→ PROBLEM DETAILS
Give back all of the records, exactly and completely.

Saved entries
--- START ---

(* Let $X$ be a Tychonoff space containing a countably infinite subset $N$ such that (1) $N$ is not nowhere dense in $X$; (2) $X\setminus N$ is dense in $X$; (3) each singleton subset of $N$ is a zero set in $X$. Then $T''(X)$ is not closed under uniform limits (there is a sequence in $T''(X)$ converging uniformly on $X$ to a function not in $T''(X)$), and hence $T''(X)$ is not ring-isomorphic to $C(Y)$ for any topological space $Y$.
   Context: $C(X)$ is the ring of real-valued continuous functions on $X$. A zero set is a set $Z(g)=\{x: g(x)=0\}$ with $g\in C(X)$, and a cozero set is its complement $coz(g)$. $T''(X)$ is the ring (under pointwise operations) of all functions $f\colon X\to\mathbb{R}$ for which there is a dense cozero set $U$ of $X$ with $f|_U$ continuous. *)

From HB Require Import structures.
From mathcomp Require Import all_boot all_order all_algebra.
From mathcomp Require Import all_classical all_reals all_analysis.
Set Implicit Arguments. Unset Strict Implicit. Unset Printing Implicit Defensive.
Import Order.TTheory GRing.Theory Num.Theory numFieldNormedType.Exports.
Local Open Scope classical_set_scope.
Local Open Scope ring_scope.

--- END ---

→ EXERCISE RESPONSE
(* Let $X$ be a Tychonoff space containing a countably infinite subset $N$ such that (1) $N$ is not nowhere dense in $X$; (2) $X\setminus N$ is dense in $X$; (3) each singleton subset of $N$ is a zero set in $X$. Then $T''(X)$ is not closed under uniform limits (there is a sequence in $T''(X)$ converging uniformly on $X$ to a function not in $T''(X)$), and hence $T''(X)$ is not ring-isomorphic to $C(Y)$ for any topological space $Y$.
   Context: $C(X)$ is the ring of real-valued continuous functions on $X$. A zero set is a set $Z(g)=\{x: g(x)=0\}$ with $g\in C(X)$, and a cozero set is its complement $coz(g)$. $T''(X)$ is the ring (under pointwise operations) of all functions $f\colon X\to\mathbb{R}$ for which there is a dense cozero set $U$ of $X$ with $f|_U$ continuous. *)

From HB Require Import structures.
From mathcomp Require Import all_boot all_order all_algebra.
From mathcomp Require Import all_classical all_reals all_analysis.
Set Implicit Arguments. Unset Strict Implicit. Unset Printing Implicit Defensive.
Import Order.TTheory GRing.Theory Num.Theory numFieldNormedType.Exports.
Local Open Scope classical_set_scope.
Local Open Scope ring_scope.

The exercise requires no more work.